Berjuang keluar dari perangkap kemiskinan
- keren989
- 0
MANILA, Filipina – Jalan yang harus ditempuh untuk memerangi kemiskinan di negara ini masih panjang, namun kisah sukses beberapa penerima bantuan tunai bersyarat tampaknya menunjukkan bahwa pemerintah berada di jalur yang benar.
Demikian pesan utama yang disampaikan dalam penganugerahan Kompetisi Film Dokumenter Konvergensi Pertama Departemen Kesejahteraan Sosial dan Pembangunan (DSWD) yang digelar 14 Maret lalu di Komisi Nasional Kebudayaan dan Seni (NCCA).
Tujuan dari kompetisi ini adalah untuk menyoroti keberhasilan program perlindungan sosial utama DSWD – Program Pantawid Pamilyang Pilipino (4P), Program Penghidupan Berkelanjutan (SLP), dan Kapit-Bisig Laban sa Kahirapan – Pemberian layanan sosial yang komprehensif dan terintegrasi (KALAHI ) -CIDSS). (BACA: Tonggak Sejarah DSWD)
Menurut DSWD, program-program ini merupakan bagian dari kerangka konvergensi pemerintah yang bertujuan untuk memaksimalkan dampak program-programnya dalam pengentasan kemiskinan dan perlindungan sosial melalui sistem penargetan yang efisien, manajemen kasus yang terintegrasi dan pendekatan pengembangan masyarakat yang holistik.
“Film dokumenter yang diproduksi oleh para pelajar ini menunjukkan semangat dan semangat yang gigih dari keluarga Filipina serta komunitas mereka dalam perang melawan kemiskinan,” kata Sekretaris DSWD Corazon “Dinky” Soliman.
Entri Universitas Politeknik Filipina berjudul “Bebek” menempati posisi pertama. Kolese St. De La Salle. Benilde”Ada harapan” dan Lyceum Universitas “Bente” masing-masing meraih juara 2 dan 3.
“Itik,” “Ada harapan,” Dan “bengkok” 3 dari hampir 4 juta keluarga yang menerima manfaat program perlindungan sosial pemerintah. Ini adalah kisah mereka.
Tuan Bebek
Bertentangan dengan apa yang tersirat dalam judulnya, Bebek bukan tentang beternak bebek. Film dokumenter ini menyajikan kisah Tuan Bebekseorang ayah asal Antiek yang harus bekerja siang malam untuk 10 anaknya.

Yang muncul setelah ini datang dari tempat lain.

(* Let $\Gamma=(V,E)$ be a connected locally finite graph with root $o$, let $\lambda\ge1$, and let $(Z_n)$ be the $\lambda$-homesick random walk on $(\Gamma,o)$. Let $\tau_o^+=\inf\{n\ge1:Z_n=o\}$. Then for every integer $r\ge1$, \[\Pr\Big(\max_{i<\tau_o^+}\mathrm{dist}(o,Z_i)\ge r\Big)\le\frac{1}{\deg o}\left(\sum_{i=0}^{r-1}|\partial_E B_i|^{-1}\lambda^i\right)^{-1}.\]
   Context: The $\lambda$-homesick random walk on $(\Gamma,o)$: $Z_0=o$; from a vertex $v$, letting $v_1,\dots,v_j$ be the neighbors of $v$ with $\mathrm{dist}(o,v_i)=\mathrm{dist}(o,v)-1$ and $v'_1,\dots,v'_k$ the other neighbors, the walk moves to each $v_i$ with probability $\frac{\lambda}{\lambda j+k}$ and to each $v'_i$ with probability $\frac{1}{\lambda j+k}$. $B_r=\{v\in V:\mathrm{dist}(o,v)\le r\}$, and $\partial_E A=\{(u,v)\in E:u\in A,v\notin A\}$ is the edge boundary. The maximum over $i<\tau_o^+$ is over all $i$ if $\tau_o^+=\infty$. *)

From HB Require Import structures.
From mathcomp Require Import all_boot all_order all_algebra.
From mathcomp Require Import all_classical all_reals ereal esum.
Set Implicit Arguments. Unset Strict Implicit. Unset Printing Implicit Defensive.
Import Order.TTheory GRing.Theory Num.Theory.
Local Open Scope ring_scope.

(* A locally finite graph on a vertex type V is given by its neighbour lists
   nb : V -> seq V (hypotheses of simplicity/symmetry are in the theorem).
   o is the root. *)
Section Graph.
Variables (V : choiceType) (nb : V -> seq V) (o : V).

Definition adj (x y : V) : bool := y \in nb x.

Fixpoint ballseq (n : nat) : seq V :=
  match n with
  | 0 => [:: o]
  | n.+1 => let b := ballseq n in undup (b ++ flatten (map nb b))
  end.

(* Graph distance from o: the least n such that v is in the ball of radius n
   (0 if v is not reachable; never happens under connectedness). *)
Definition dist (v : V) : nat :=
  match pselect (exists n, v \in ballseq n) with
  | left H => ex_minn H
  | right _ => 0
  end.

Definition edge_boundary (i : nat) : nat :=
  \sum_(u <- ballseq i) count (fun v => (i < dist v)%N) (nb u).

Variable (R : realType) (lam : R).

Definition hs_p (v u : V) : R :=
  let j := count (fun w => (dist w < dist v)%N) (nb v) in
  let k := (size (nb v) - j)%N in
  if u \in nb v then
    (if (dist u < dist v)%N then lam else 1) / (lam * j%:R + k%:R)
  else 0.

Fixpoint path_prob (x : V) (s : seq V) : R :=
  match s with
  | [::] => 1
  | y :: s' => hs_p x y * path_prob y s'
  end.

(* s = [z_1; ...; z_k] is a minimal walk prefix from Z_0 = o realising the
   event {max_{i < tau_o^+} dist(o, Z_i) >= r}: none of z_1..z_k is o,
   dist < r before step k, dist >= r at step k. *)
Definition first_hit (r : nat) (s : seq V) : bool :=
  [&& s != [::], path adj o s, all (fun z => z != o) s,
      all (fun z => (dist z < r)%N) (belast o s) & (r <= dist (last o s))%N].

(* Pr( max_{i < tau_o^+} dist(o, Z_i) >= r ) as the (countable) sum of the
   probabilities of the disjoint cylinder events given by minimal prefixes. *)
Definition escape_prob (r : nat) : \bar R :=
  \esum_(s in [set s : seq V | first_hit r s]) (path_prob o s)%:E.
Definition cyc3_triples : seq (nat * nat * nat) :=
  [seq T <- [seq (ab, c) | ab <- [seq (a, b) | a <- iota 0 m, b <- iota 0 m], c <- iota 0 m]
     | [&& T.1.1 < T.1.2, T.1.1 < T.2 & T.1.2 != T.2]%N].

Definition seq_cycles : seq (seq nat) := [seq seq_cyc3 T.1.1 T.1.2 T.2 | T <- cyc3_triples].

Lemma all_iota (r : pred nat) : all r (iota 0 m) = [forall x : 'I_m, r x].
Proof.
apply/allP/forallP => [r_all x|r_all x]; first by apply: r_all; rewrite mem_iota ltn_ord.
by rewrite mem_iota add0n => /= x_lt; apply: (r_all (Ordinal x_lt)).
Qed.

Lemma has_iota (r : pred nat) : has r (iota 0 m) = [exists x : 'I_m, r x].
Proof. by apply/negb_inj; rewrite -all_predC all_iota negb_exists. Qed.

Lemma represents_mul p q P Q : represents p P -> represents q Q -> represents (seq_mul p q) (P * Q).
Proof.
case=> size_p pP [size_q qQ]; split; first by rewrite size_map.
by move=> x; rewrite (nth_map 0) ?size_p // pP qQ permM.
Qed.

Lemma represents1 : represents (iota 0 m) 1.
Proof. by split=> [|x]; rewrite ?size_iota // nth_iota // perm1. Qed.

Lemma represents_cyc3 (a b c : 'I_m) :
  uniq [:: a; b; c] -> represents (seq_cyc3 a b c) (cyc3 a b c).
Proof.
move=> u; split=> [|x]; first by rewrite size_map size_iota.
rewrite (nth_map 0) ?size_iota // nth_iota // add0n cyc3E //.
by rewrite !nat_of_ord_eqE; case: ifP => // _; case: ifP => // _; case: ifP.
Qed.

Lemma represents_eq p q P Q : represents p P -> represents q Q -> (p == q) = (P == Q).
Proof.
case=> size_p pP [size_q qQ]; apply/eqP/eqP => [pq|PQ].
  by apply/permP=> x; apply: ord_inj; rewrite -pP -qQ pq.
apply: (@eq_from_nth _ 0) => [|x]; first by rewrite size_p size_q.
by rewrite size_p => x_lt; rewrite (pP (Ordinal x_lt)) (qQ (Ordinal x_lt)) PQ.
Qed.

Lemma represents_invol p P : represents p P -> seq_invol p = (P * P == 1).
Proof.
case=> _ pP; rewrite /seq_invol all_iota; apply/forallP/eqP => [p2 | P2 x].
  by apply/permP=> x; apply: ord_inj; rewrite permM perm1 -!pP; apply/eqP/p2.
by rewrite !pP -permM P2 perm1.
Qed.

Lemma represents_is_cyc3 p P : represents p P -> seq_is_cyc3 p = (P \in S).
Proof.
case=> _ pP; rewrite /seq_is_cyc3 has_iota inE.
apply/existsP/existsP => [[i /=]|[i /existsP[j /existsP[k]]]].
  rewrite !pP !nat_of_ord_eqE all_iota => /and5P[ij jk ik /eqP Pk /forallP fixP].
  exists i; apply/existsP; exists (P i); apply/existsP; exists (P (P i)).
  rewrite /is_cyc3 ij jk ik Pk !eqxx /=; apply/forallP=> x; apply/implyP.
  by move: (fixP x); rewrite /= !inE pP !nat_of_ord_eqE => /orP[->|].
rewrite is_cyc3E => /andP[u /eqP defP]; exists i.
have [Pi Pj Pk] := cyc3_pts u; rewrite -defP in Pi Pj Pk.
case/uniq3P: (u) => ij ik jk; rewrite /= !pP Pi Pj Pk !nat_of_ord_eqE ij jk ik !eqxx /= all_iota.
apply/forallP=> x; rewrite /= pP !inE !nat_of_ord_eqE defP cyc3E //.
by case: (x =P i) => //; case: (x =P j) => //; case: (x =P k) => //; rewrite eqxx orbT.
Qed.

Lemma mem_cyc3_triples a b c :
  ((a, b, c) \in cyc3_triples) = [&& a < b, a < c, b != c, b < m & c < m]%N.
Proof.
rewrite mem_filter /=; apply/andP/and5P => [[/and3P[ab ac bc]]|[ab ac bc bm cm]].
  case/allpairsP=> [[ab' c'] [/allpairsP[[a' b'] [_ b_in ->]] c_in /= [ea eb ec]]]; subst.
  by move: b_in c_in; rewrite !mem_iota /= ab ac bc => -> ->.
split; first by rewrite ab ac bc.
apply: (allpairs_f pair); last by rewrite mem_iota.
by apply: allpairs_f; rewrite mem_iota //; lia.
Qed.

Lemma seq_cyclesP p : p \in seq_cycles -> exists2 P, P \in S & represents p P.
Proof.
case/mapP=> [[[a b] c] abc ->] /=; move: abc; rewrite mem_cyc3_triples => /and5P[ab ac bc bm cm].
have am : (a < m)%N by lia.
have u : uniq [:: Ordinal am; Ordinal bm; Ordinal cm].
  by apply/uniq3P; split; apply/eqP => /(congr1 val) /=; lia.
exists (cyc3 (Ordinal am) (Ordinal bm) (Ordinal cm)); first exact: cyc3_mem.
exact: (represents_cyc3 u).
Qed.

Lemma seq_cycles_complete P : P \in S -> exists2 p, p \in seq_cycles & represents p P.
Proof.
case/three_cycles_min=> a [b [c [u ab ac ->]]].
exists (seq_cyc3 a b c); last exact: represents_cyc3.
apply: (map_f (fun T => seq_cyc3 T.1.1 T.1.2 T.2) (x := (val a, val b, val c))).
by case/uniq3P: u; rewrite mem_cyc3_triples ab ac !ltn_ord -!val_eqE /= => _ _ ->.
Qed.

Definition adjacency_profile (w : seq nat) : seq bool :=
  [seq seq_is_cyc3 (seq_mul z w) | z <- iota 0 m :: seq_cycles].

(* [find _ _ < size _] and [if] instead of [has] and [||]: vm_compute evaluates
   arguments eagerly, and only these forms skip the costly searches. *)
Definition separated2_check (w v : seq nat) : bool :=
  find (fun a => find (fun b => let z := seq_mul a b in
      ~~ seq_invol z && (seq_is_cyc3 (seq_mul z w) != seq_is_cyc3 (seq_mul z v)))
    seq_cycles < size seq_cycles) seq_cycles < size seq_cycles.

Definition separation_check : bool :=
  let data :=
    [seq let w := seq_mul (seq_cyc3 0 1 2) t in (w, adjacency_profile w) | t <- seq_cycles] in
  all (fun d => all (fun e => if (d.1 == e.1) || (d.2 != e.2) then true
                              else seq_invol d.1 && separated2_check d.1 e.1) data) data.

Lemma adjacency_profile_sound w v W V : represents w W -> represents v V ->
  adjacency_profile w != adjacency_profile v ->
  exists2 z, (z == 1) || (z \in S) & separates z W V.
Proof.
move=> wW vV neq_wv.
have [z z_in sep] : exists2 z, z \in iota 0 m :: seq_cycles &
    seq_is_cyc3 (seq_mul z w) != seq_is_cyc3 (seq_mul z v).
  apply/hasP; apply: contraNT neq_wv => /hasPn same.
  by apply/eqP/eq_in_map => z /same; rewrite negbK => /eqP.
have [Z Z1S zZ] : exists2 Z, (Z == 1) || (Z \in S) & represents z Z.
  case/predU1P: z_in => [->|/seq_cyclesP[Z ZS zZ]].
    by exists 1; [rewrite eqxx | exact: represents1].
  by exists Z; rewrite ?ZS ?orbT.
exists Z => //; move: sep.
by rewrite (represents_is_cyc3 (represents_mul zZ wW)) (represents_is_cyc3 (represents_mul zZ vV)).
Qed.

Lemma separated2_check_sound w v W V : represents w W -> represents v V ->
  separated2_check w v ->
  exists a b, [/\ a \in S, b \in S, a * b * (a * b) != 1 & separates (a * b) W V].
Proof.
move=> wW vV; rewrite /separated2_check -has_find => /hasP[a /seq_cyclesP[A AS aA]].
rewrite -has_find => /hasP[b /seq_cyclesP[B BS bB]] /andP[].
have abAB := represents_mul aA bB.
rewrite (represents_invol abAB) (represents_is_cyc3 (represents_mul abAB wW)).
by rewrite (represents_is_cyc3 (represents_mul abAB vV)) => ninv sep; exists A, B.
Qed.

Lemma separation_check_sound (i0 i1 i2 : 'I_m) :
  val i0 = 0%N -> val i1 = 1%N -> val i2 = 2%N -> separation_check ->
  forall t t', t \in S -> t' \in S -> cyc3 i0 i1 i2 * t != cyc3 i0 i1 i2 * t' ->
  separated (cyc3 i0 i1 i2 * t) (cyc3 i0 i1 i2 * t').
Proof.
move=> i00 i11 i22 check t t'.
move=> /seq_cycles_complete[p p_in pt] /seq_cycles_complete[p' p'_in p't] neq.
have u : uniq [:: i0; i1; i2] by apply/uniq3P; rewrite -!val_eqE i00 i11 i22.
have s0 := represents_cyc3 u; rewrite i00 i11 i22 in s0.
have [wt wt'] := (represents_mul s0 pt, represents_mul s0 p't).
move/allP: check => /(_ _ (map_f _ p_in)) /allP /(_ _ (map_f _ p'_in)) /=.
rewrite (represents_eq wt wt') (negbTE neq) /=.
case: ifP => [/adjacency_profile_sound sep _|_ /andP[]]; first by left; apply: sep.
by rewrite (represents_invol wt) => /eqP w2 /(separated2_check_sound wt wt') sep; right.
Qed.

End SeqPerm.

Lemma separation_check_small m : (4 < m < 10)%N -> separation_check m.
Proof.
move=> m_bounds.
have [->|[->|[->|[->|->]]]] : m = 5 \/ m = 6 \/ m = 7 \/ m = 8 \/ m = 9 by lia.
all: by vm_compute.
Qed.

Lemma cyc3_push m n (f : 'I_m -> 'I_n) (f_inj : injective f) a b c :
  uniq [:: a; b; c] -> {subset [:: a; b; c] <= codom f} ->
  exists2 T, T \in three_cycles m & cyc3 a b c = push f_inj T.
Proof.
move=> u /allP/and4P[/codomP[x def_a] /codomP[y def_b] /codomP[z def_c] _]; subst a b c.
exists (cyc3 x y z); last by rewrite push_cyc3.
by rewrite cyc3_mem // -(map_inj_uniq f_inj).
Qed.

Lemma embed_points n (i j k : 'I_n) (rest : seq 'I_n) :
  (4 < n)%N -> uniq [:: i; j; k] -> (size rest <= 6)%N ->
  exists l : seq 'I_n,
    [/\ uniq l, (4 < size l < 10)%N, {subset rest <= l} & take 3 l = [:: i; j; k]].
Proof.
move=> n4 u size_rest.
pose l0 := i :: j :: k :: undup [seq x <- rest | x \notin [:: i; j; k]].
pose extra := [seq x <- enum 'I_n | x \notin l0].
have ul0 : uniq l0.
  rewrite (cat_uniq [:: i; j; k]) u undup_uniq andbT /=.
  by apply/hasP=> -[x]; rewrite mem_undup mem_filter => /andP[/negP].
have size_l0 : (size l0 <= 9)%N.
  rewrite /= !ltnS (leq_trans (size_undup _)) // size_filter.
  exact: leq_trans (count_size _ _) size_rest.
have cover : (n <= size l0 + size extra)%N.
  rewrite -size_cat -{1}(size_enum_ord n) uniq_leq_size ?enum_uniq // => x _.
  by rewrite mem_cat mem_filter mem_enum andbT orbN.
exists (l0 ++ take (5 - size l0) extra); split.
- have u_extra : uniq extra by rewrite filter_uniq // enum_uniq.
  rewrite cat_uniq ul0 take_uniq // andbT.
  by apply/hasP=> -[x /mem_take]; rewrite mem_filter => /andP[/negP].
- rewrite size_cat size_takel; move: size_l0 cover; move: (size l0) (size extra) => a b; lia.
- move=> x x_rest; rewrite mem_cat -[l0]/([:: i; j; k] ++ _) mem_cat mem_undup mem_filter.
  by rewrite x_rest andbT orbN.
by rewrite /= take0.
Qed.

Lemma three_cycles_separated n (s t t' : {perm 'I_n}) : (4 < n)%N ->
  s \in three_cycles n -> t \in three_cycles n -> t' \in three_cycles n ->
  s * t != s * t' -> separated (s * t) (s * t').
Proof.
move=> n4 /three_cyclesP[i [j [k [u ->]]]].
move=> /three_cyclesP[a [b [c [ut ->]]]] /three_cyclesP[a' [b' [c' [ut' ->]]]].
have [l [ul size_l sub_l take_l]] :=
  embed_points (rest := [:: a; b; c] ++ [:: a'; b'; c']) n4 u isT.
have f_inj : injective (tnth (in_tuple l)) by apply/tuple_uniqP.
have in_f x : x \in l -> x \in codom (tnth (in_tuple l)).
  by move=> x_l; have /tnthP[y ->] : x \in in_tuple l by []; apply: codom_f.
have [T TS ->] : exists2 T, T \in three_cycles _ & cyc3 a b c = push f_inj T.
  by apply: cyc3_push => // x xt; apply/in_f/sub_l; rewrite mem_cat xt.
have [T' T'S ->] : exists2 T, T \in three_cycles _ & cyc3 a' b' c' = push f_inj T.
  by apply: cyc3_push => // x xt; apply/in_f/sub_l; rewrite mem_cat xt orbT.
have nth_l x : (x < 3)%N -> nth i l x = nth i [:: i; j; k] x.
  by move=> x_lt; rewrite -take_l nth_take.
have [lt0 lt1 lt2] : [/\ 0 < size l, 1 < size l & 2 < size l]%N by case/andP: size_l; split; lia.
pose i0 := Ordinal lt0; pose i1 := Ordinal lt1; pose i2 := Ordinal lt2.
have -> : cyc3 i j k = push f_inj (cyc3 i0 i1 i2).
  by rewrite push_cyc3 !(tnth_nth i) /= !nth_l.
rewrite -!pushM (inj_eq (@push_inj _ _ _ f_inj)) => neq; apply: separated_push.
exact: separation_check_sound (separation_check_small size_l) _ _ TS T'S neq.
Qed.

Section Rigidity.
Variable n : nat.
Hypothesis n4 : (4 < n)%N.
Local Notation S := (three_cycles n).
Implicit Types (G : vert n -> vert n) (a b c d z : {perm 'I_n}).

Lemma fixed_vertex_not_separates G z y : adj_preserving G -> z \in Alt 'I_n ->
  G (vx z^-1) = vx z^-1 -> ~~ separates z (val y) (val (G y)).
Proof.
move=> G_adj zA Gz; rewrite /separates negbK.
by have := G_adj (vx z^-1) y; rewrite Gz /adj vxK ?groupV // invgK => ->.
Qed.

Lemma rigid_product G a b : adj_preserving G -> fixes_ball1 G -> a \in S -> b \in S ->
  (a * b * (a * b) = 1 -> forall c d, c \in S -> d \in S -> c * d * (c * d) != 1 ->
     G (vx (c * d)) = vx (c * d)) ->
  G (vx (a * b)) = vx (a * b).
Proof.
move=> G_adj [Ge GS] aS bS invol_fixed; have SA := subsetP (three_cycles_Alt n).
set y := vx (a * b); have val_y : val y = a * b by rewrite vxK // groupM ?SA.
have tS : a^-1 * val (G y) \in S.
  have := G_adj (vx a) y; rewrite GS // /adj val_y vxK ?SA // mulKg bS.
  by move=> ->.
apply: val_inj; rewrite val_y; apply/eqP; apply: contraT => neq.
have := three_cycles_separated n4 aS bS tS; rewrite mulKVg eq_sym => /(_ neq).
case=> [[z z1S sep] | [ab2 [c [d [cS dS cd2 sep]]]]].
  have zA : z \in Alt 'I_n by case/orP: z1S => [/eqP->|/SA//]; apply: group1.
  suff Gz : G (vx z^-1) = vx z^-1.
    by rewrite -val_y (negbTE (fixed_vertex_not_separates y G_adj zA Gz)) in sep.
  case/orP: z1S => [/eqP->|zS]; first by rewrite invg1 vx1.
  by apply: GS; rewrite three_cyclesV.
have cdA : c * d \in Alt 'I_n by rewrite groupM ?SA.
suff Gcd : G (vx (c * d)^-1) = vx (c * d)^-1.
  by rewrite -val_y (negbTE (fixed_vertex_not_separates y G_adj cdA Gcd)) in sep.
rewrite invMg; apply: invol_fixed; rewrite ?three_cyclesV //.
by rewrite -invMg -invMg invg_eq1.
Qed.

Mang Itik tidak dapat menyelesaikan studinya, namun hal itu tidak menyurutkan semangatnya untuk mengejar cita-citanya. Untuk memenuhi kebutuhan hidupnya, Mang Itik bekerja sebagai kuli bangunan; seorang nelayan, seorang pedagang sayur, seorang petani, seorang tukang kebun dan masih banyak lagi pekerjaan lainnya.
“Dia melakukan segalanya untuk mendapatkan penghasilan. Melakukan konstruksi, menjual bunga, hal-hal seperti itu. Dia bahkan tidur di trotoar hanya untuk mencari uang,” kata istrinya Susan.
Dianggap sebagai salah satu orang terpercaya di daerahnya, Mang Itik sebelumnya menjabat sebagai a barangay anggota dewan dan saat ini menjabat sebagai salah satu pemimpin KALAHI-CIDSS DSWD yang memberdayakan masyarakat di komunitasnya.
Namun keikutsertaannya di SLP-lah yang benar-benar mengubah kehidupan keluarganya menjadi lebih baik.
SLP merupakan program peningkatan kapasitas berbasis masyarakat yang berupaya meningkatkan status sosial ekonomi peserta program. Hal ini bertujuan untuk memungkinkan para peserta menjalankan usaha mikro yang berkelanjutan atau menghubungkan mereka dengan peluang kerja yang tersedia secara lokal yang akan meningkatkan akses mereka terhadap layanan sosial dasar.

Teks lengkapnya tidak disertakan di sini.